Print exactly those lines that run from the beginning of the data to the line bearing "Proof. by rewrite", inclusive.
• • • • • • •
Lemma dsum_proj_lin i : slinear (fun x : D => x i).
Proof. by []. Qed.
Definition dsum_proj i : hom D (P i) := Hom (dsum_proj_lin i).

Definition dsum_inj_fun i (x : P i) j : P j :=
  if pselect (i = j) is left e then eq_rect i (fun j => P j : Type) x j e else 0.

Lemma dsum_inj_fun_eq i (x : P i) : dsum_inj_fun x i = x.
Proof.
by rewrite /dsum_inj_fun; case: pselect => // e; rewrite (Prop_irrelevance e erefl).
Qed.

Lemma dsum_inj_fun_neq i j (x : P i) : i <> j -> dsum_inj_fun x j = 0.
Proof. by rewrite /dsum_inj_fun; case: pselect. Qed.

Lemma dsum_inj_supp i (x : P i) : fin_supp (dsum_inj_fun x).
Proof. by exists [:: i] => j ij; apply: dsum_inj_fun_neq => e; apply: ij; left. Qed.

Definition dsum_inj_val i (x : P i) : D := DSum (dsum_inj_supp x).

Lemma dsum_inj_lin i : slinear (@dsum_inj_val i).
Proof.
split=> [|x y|a x]; apply: dsum_ext; apply: functional_extensionality_dep => j /=;
  rewrite /dsum_inj_fun; case: pselect => [e|_]; by [subst j | rewrite ?addr0 ?scaler0].
Qed.
Definition dsum_inj i : hom (P i) D := Hom (dsum_inj_lin i).

Lemma hom_comp_proj_inj (X : lSemiModType S) i (w : hom (P i) X) :
  hom_comp (hom_comp w (dsum_proj i)) (dsum_inj i) = w.
Proof. by apply: homE => x /=; rewrite dsum_inj_fun_eq. Qed.

Definition supported_on (x : D) (s : seq J) : Prop :=
  forall i : J, i \notin s -> x i = 0.

Definition supp_seq (x : D) : seq J := proj1_sig (cid (dsum_supp x)).

Lemma supported_on_supp_seq x : supported_on x (supp_seq x).
Proof.
rewrite /supp_seq; case: cid => s xs i si; apply: (xs i) => /(@In_mem J).
exact/negP.
Qed.
Arguments supported_on_supp_seq : clear implicits.

Lemma supported_on_catl x s1 s2 : supported_on x s1 -> supported_on x (s1 ++ s2).
Proof. by move=> xs i; rewrite mem_cat negb_or => /andP[/xs]. Qed.

Lemma supported_on_catr x s1 s2 : supported_on x s2 -> supported_on x (s1 ++ s2).
Proof. by move=> xs i; rewrite mem_cat negb_or => /andP[_ /xs]. Qed.

Lemma dsum_decomp x s :
  supported_on x s -> x = \sum_(i <- undup s) dsum_inj i (x i).
Proof.
move=> xs; apply: dsum_ext; apply: functional_extensionality_dep => j.
rewrite -[RHS]/(dsum_proj j _) (slinear_sum _ _ (hom_lin _)) /=.
have [js|js] := boolP ((j : J) \in undup s).
  rewrite (bigD1_seq (j : J)) ?undup_uniq //= dsum_inj_fun_eq big1 ?addr0 // => i ij.
  by apply: dsum_inj_fun_neq => e; rewrite e eqxx in ij.
rewrite xs; last by rewrite -mem_undup.
rewrite big1_seq // => i /andP[_ i_s].
by apply: dsum_inj_fun_neq => e; rewrite -e i_s in js.
Qed.

Lemma dsum_hom_ext (X : lSemiModType S) (u v : hom D X) :
  (forall i, hom_comp u (dsum_inj i) = hom_comp v (dsum_inj i)) -> u = v.
Proof.
move=> uv; apply: homE => x; rewrite (dsum_decomp (supported_on_supp_seq x)).
rewrite !(slinear_sum _ _ (hom_lin _)); apply: eq_bigr => i _.
by have := congr1 (fun w : hom (P i) X => w (x i)) (uv i).
Qed.

Section Glue.
Variables (X : lSemiModType S) (h : forall i, hom (P i) X).

Definition dsum_glue_fun (x : D) : X :=
  \sum_(i <- undup (supp_seq x)) h i (x i).

Lemma dsum_glue_funE x s : supported_on x s ->
  dsum_glue_fun x = \sum_(i <- undup s) h i (x i).
Proof.
have h0 i : h i 0 = 0 by case: (hom_lin (h i)).
move=> xs; apply: big_undup_supp => i.
  by move=> /(supported_on_supp_seq x) ->; apply: h0.
by move=> /xs ->; apply: h0.
Qed.

Lemma dsum_glue_lin : slinear dsum_glue_fun.
Proof.
split=> [|x y|a x].
- by rewrite (@dsum_glue_funE 0 [::]) ?big_nil.
- pose s := supp_seq x ++ supp_seq y.
  have xs : supported_on x s := supported_on_catl (supported_on_supp_seq x).
  have ys : supported_on y s := supported_on_catr (supported_on_supp_seq y).
  have xys : supported_on (x + y) s by move=> i i_n /=; rewrite xs ?ys ?addr0.
  rewrite (dsum_glue_funE xys) (dsum_glue_funE xs) (dsum_glue_funE ys) -big_split.
  by apply: eq_bigr => i _; case: (hom_lin (h i)) => _ -> _.
- have axs : supported_on (a *: x) (supp_seq x).
    by move=> i i_n /=; rewrite supported_on_supp_seq ?scaler0.
  rewrite (dsum_glue_funE axs) scaler_sumr; apply: eq_bigr => i _.
  by case: (hom_lin (h i)) => _ _ ->.
Qed.
Definition dsum_glue : hom D X := Hom dsum_glue_lin.

Lemma hom_comp_glue_inj i : hom_comp dsum_glue (dsum_inj i) = h i.
Proof.
have xs (x : P i) : supported_on (dsum_inj i x) [:: i].
  by move=> j; rewrite inE => /eqP ij; apply: dsum_inj_fun_neq => e; apply: ij; rewrite e.
by apply: homE => x /=; rewrite (dsum_glue_funE (xs x)) /= big_seq1 dsum_inj_fun_eq.
Qed.

End Glue.

Lemma dsum_M_e_projective (M : lSemiModType S) :
  M_e_projective D M <-> forall i, M_e_projective (P i) M.
Proof.
split=> [D_proj i | P_proj]; apply/M_e_projectiveP => L N f g hf hg se.
  apply: (@surj_knormal_retract _ _ _ _ (post hg) (post hg)
    (fun u => hom_comp u (dsum_inj i)) (fun u => hom_comp u (dsum_proj i))
    (fun u => hom_comp u (dsum_inj i)) (fun u => hom_comp u (dsum_proj i))).
  - by move=> u v; apply: hom_compDl.
  - exact: hom_comp0l.
  - by move=> w; apply: hom_comp_proj_inj.
  - by move=> w; apply: hom_comp_proj_inj.
  - by move=> u; apply: post_comp.
  - by move=> w; apply: post_comp.
  - exact: (M_e_projectiveP D M).1 D_proj L N f g hf hg se.
apply: (@surj_knormal_prod I _ _ _ _ (post hg) (fun i => post hg)
  (fun i u => hom_comp u (dsum_inj i)) (fun i u => hom_comp u (dsum_inj i)) (@dsum_glue M)).
- by move=> i u v; apply: hom_compDl.
- by move=> i; apply: hom_comp0l.
- exact: dsum_hom_ext.
- exact: dsum_hom_ext.
- exact: hom_comp_glue_inj.
- by move=> i u; apply: post_comp.
- by move=> i; apply: (M_e_projectiveP (P i) M).1 (P_proj i) L N f g hf hg se.
Qed.

End DirectSum.

Theorem mainTheorem11 :
  (forall (S : nzSemiRingType) (I : Type) (P : I -> lSemiModType S)
          (M : lSemiModType S),
     M_e_projective (direct_sum P) M <-> (forall i : I, M_e_projective (P i) M))
  /\
  (forall (S : nzSemiRingType) (I : Type) (P : I -> lSemiModType S),
     (forall i : I, e_projective (P i)) -> e_projective (direct_sum P)).
Proof.
split=> [S I P M | S I P P_proj M]; first exact: dsum_M_e_projective.
by apply/dsum_M_e_projective => i; apply: P_proj.
Qed.
(* Let $\mathcal{A}\subseteq\mathcal{B}$ be sub-$\sigma$-algebras of a complete probability space $(\Omega,\mathcal{F},P)$, where $\mathcal{B}$ is generated by a countable family of events (together with the $P$-null events). Let $L$ be a linear subspace of $L_\infty(\mathcal{B})$. Let $M:L^+_\infty(\mathcal{B})\to L^+_\infty(\mathcal{A})$ be a regular sublinear operator and $m:L^+_\infty(\mathcal{B})\to L^+_\infty(\mathcal{A})$ a superlinear operator. Let $x:L\to L_\infty(\mathcal{A})$ be a linear operator satisfying \[m(Z)+x(X)\le M(Y)\qquad \text{for all }X\in L,\ Y,Z\in L^+_\infty(\mathcal{B}) \text{ with } Z+X\le Y.\] Then $x$ admits a monotone linear extension $x:L_\infty(\mathcal{B})\to L_\infty(\mathcal{A})$ which is continuous from above and satisfies \[m(Z)+x(X)\le M(Y)\qquad \text{for all }X\in L_\infty(\mathcal{B}),\ Y,Z\in L^+_\infty(\mathcal{B}) \text{ with } Z+X\le Y,\] equivalently $m(X)\le x(X)\le M(X)$ for all $X\in L^+_\infty(\mathcal{B})$.
   Context: All (in)equalities between random variables hold $P$-a.s. Sublinear: $M(X+Y)\le M(X)+M(Y)$, $M(\lambda X)=\lambda M(X)$ for real $\lambda\ge0$. Superlinear: $m(X+Y)\ge m(X)+m(Y)$, $m(\lambda X)=\lambda m(X)$ for real $\lambda\ge0$. Regular: for every nonincreasing sequence $X_n\downarrow0$ $P$-a.s., $M(X_n)\to0$ $P$-a.s. Monotone: $X\ge X'\Rightarrow x(X)\ge x(X')$. Continuous from above: for every nonincreasing sequence $X_n$ with $P$-a.s. limit $X$, $x(X_n)\downarrow x(X)$ $P$-a.s. *)

From HB Require Import structures.
From mathcomp Require Import all_boot all_order all_algebra.
From mathcomp Require Import all_classical all_reals all_analysis.
Set Implicit Arguments. Unset Strict Implicit. Unset Printing Implicit Defensive.
Import Order.TTheory GRing.Theory Num.Theory.
Local Open Scope classical_set_scope.
Local Open Scope ring_scope.

Section defs.
Context {d : measure_display} {T : measurableType d} {R : realType}.

Definition pl_sub_sigma_algebra (A : set (set T)) : Prop :=
  sigma_algebra setT A /\ A `<=` measurable.

Definition pl_null_events (P : probability T R) : set (set T) :=
  [set N | measurable N /\ P N = 0%E].

Definition pl_measurable_wrt (A : set (set T)) (f : T -> R) : Prop :=
  forall U : set R, measurable U -> A (f @^-1` U).

(** Membership of (the a.s.-class of) f in L_infty(A): f is a.s. equal to an
    A-measurable function and is essentially bounded. *)
Definition pl_Linf (P : probability T R) (A : set (set T)) (f : T -> R) : Prop :=
  (exists g : T -> R, pl_measurable_wrt A g /\ {ae P, forall w, f w = g w}) /\
  (exists C : R, {ae P, forall w, `|f w| <= C}).

Definition pl_Linfp (P : probability T R) (A : set (set T)) (f : T -> R) : Prop :=
  pl_Linf P A f /\ {ae P, forall w, 0 <= f w}.

End defs.

(* Hahn-Banach argument with values in L_oo(A). The partial linear extensions
   of x dominated by
     p X := ess inf {M Y - m Z : Y, Z in L^+_oo(B), Z + X <= Y},
   which is sublinear and dominates x on L by hypothesis, are ordered by
   extension; Zorn's lemma yields a maximal one, and a maximal one is defined
   on all of L_oo(B) because a single new direction X0 can always be added:
   L_oo(A) is order complete, so the value at X0 can be chosen as an essential
   infimum. Essential infima are realised as the pointwise infimum of a
   countable subfamily that minimises E[atan (inf)].
   The extension x' satisfies m Z + x' X <= M Y whenever Z + X <= Y; with
   Y = Z = 0 this is monotonicity, and 0 <= x' X_n - x' X <= M (X_n - X)
   turns the regularity of M into continuity from above. *)

From HB Require Import structures.
From mathcomp Require Import all_boot all_order all_algebra.
From mathcomp Require Import all_classical all_reals all_analysis.
From mathcomp Require Import measurable_realfun.
From mathcomp Require Import lra ring.
Import Order.TTheory GRing.Theory Num.Theory numFieldNormedType.Exports.
Local Open Scope classical_set_scope.
Local Open Scope ring_scope.
Set Implicit Arguments. Unset Strict Implicit.
Lemma riccati_defect_le k : \sum_(i < k.+1) e i * v (k.+1 - i)%N <= 2 * B ^+ 2 * k`!%:R.
Proof.
have B2_ge0 : 0 <= B ^+ 2 by rewrite exprn_ge0 ?bound_ge0.
have term_le i : (i < k)%N -> e i * v (k.+1 - i)%N <= B ^+ 2 * k.-1`!%:R.
  case: i => [_|i lt_ik]; first by rewrite e_0 mul0r mulr_ge0.
  rewrite subSn ?(ltnW lt_ik) //.
  apply: le_trans (ler_pM (riccati_ge0 _) (linearizer_ge0 _) (riccati_le _) (v_le _)) _.
  rewrite mulrACA -natrM -expr2 ler_wpM2l // ler_nat.
  by apply: fact_mul_le_fact_pred; rewrite lt_ik.
have init_le : \sum_(i < k) e i * v (k.+1 - i)%N <= B ^+ 2 * k`!%:R.
  apply: (@le_trans _ _ (\sum_(i < k) B ^+ 2 * k.-1`!%:R)).
    by apply: ler_sum => i _; apply: term_le.
  rewrite sumr_const card_ord -mulrnAr ler_wpM2l // -mulr_natr -natrM ler_nat.
  by case: k {term_le} => // k; rewrite factS mulnC.
have last_le : e k * v 1 <= B ^+ 2 * k`!%:R.
  apply: le_trans (ler_pM (riccati_ge0 _) (linearizer_ge0 _) (riccati_le _) (v_le 0)) _.
  by rewrite fact0 mulr1n mulr1 mulrAC -expr2.
by rewrite big_ord_recr /= subSnn -mulrA mulr_natl mulr2n lerD.
Qed.

Lemma riccati_defect_bounds k : 0 <= k.+1%:R * v k.+1 - e k.+1 <= 2 * B ^+ 2 * k`!%:R.
Proof.
rewrite riccati_defect_eq riccati_defect_le andbT.
by apply: sumr_ge0 => i _; rewrite mulr_ge0 ?riccati_ge0 ?linearizer_ge0.
Qed.

End RiccatiBounds.

Lemma fold_right_Rplus_seq (F : nat -> R) a n :
  fold_right Rplus 0 (map F (List.seq a n)) = \sum_(i < n) F (a + i)%N.
Proof.
elim: n a => [|n IH] a; first by rewrite big_ord0.
by rewrite /= IH big_ord_recl addn0; congr (_ + _); apply: eq_bigr => i _; rewrite addSnnS.
Qed.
• • • • • • •
> Worked solution:
Lemma dsum_proj_lin i : slinear (fun x : D => x i).
Proof. by []. Qed.
Definition dsum_proj i : hom D (P i) := Hom (dsum_proj_lin i).

Definition dsum_inj_fun i (x : P i) j : P j :=
  if pselect (i = j) is left e then eq_rect i (fun j => P j : Type) x j e else 0.

Lemma dsum_inj_fun_eq i (x : P i) : dsum_inj_fun x i = x.
Proof.
by rewrite /dsum_inj_fun; case: pselect => // e; rewrite (Prop_irrelevance e erefl).
Qed.

Lemma dsum_inj_fun_neq i j (x : P i) : i <> j -> dsum_inj_fun x j = 0.
Proof. by rewrite /dsum_inj_fun; case: pselect. Qed.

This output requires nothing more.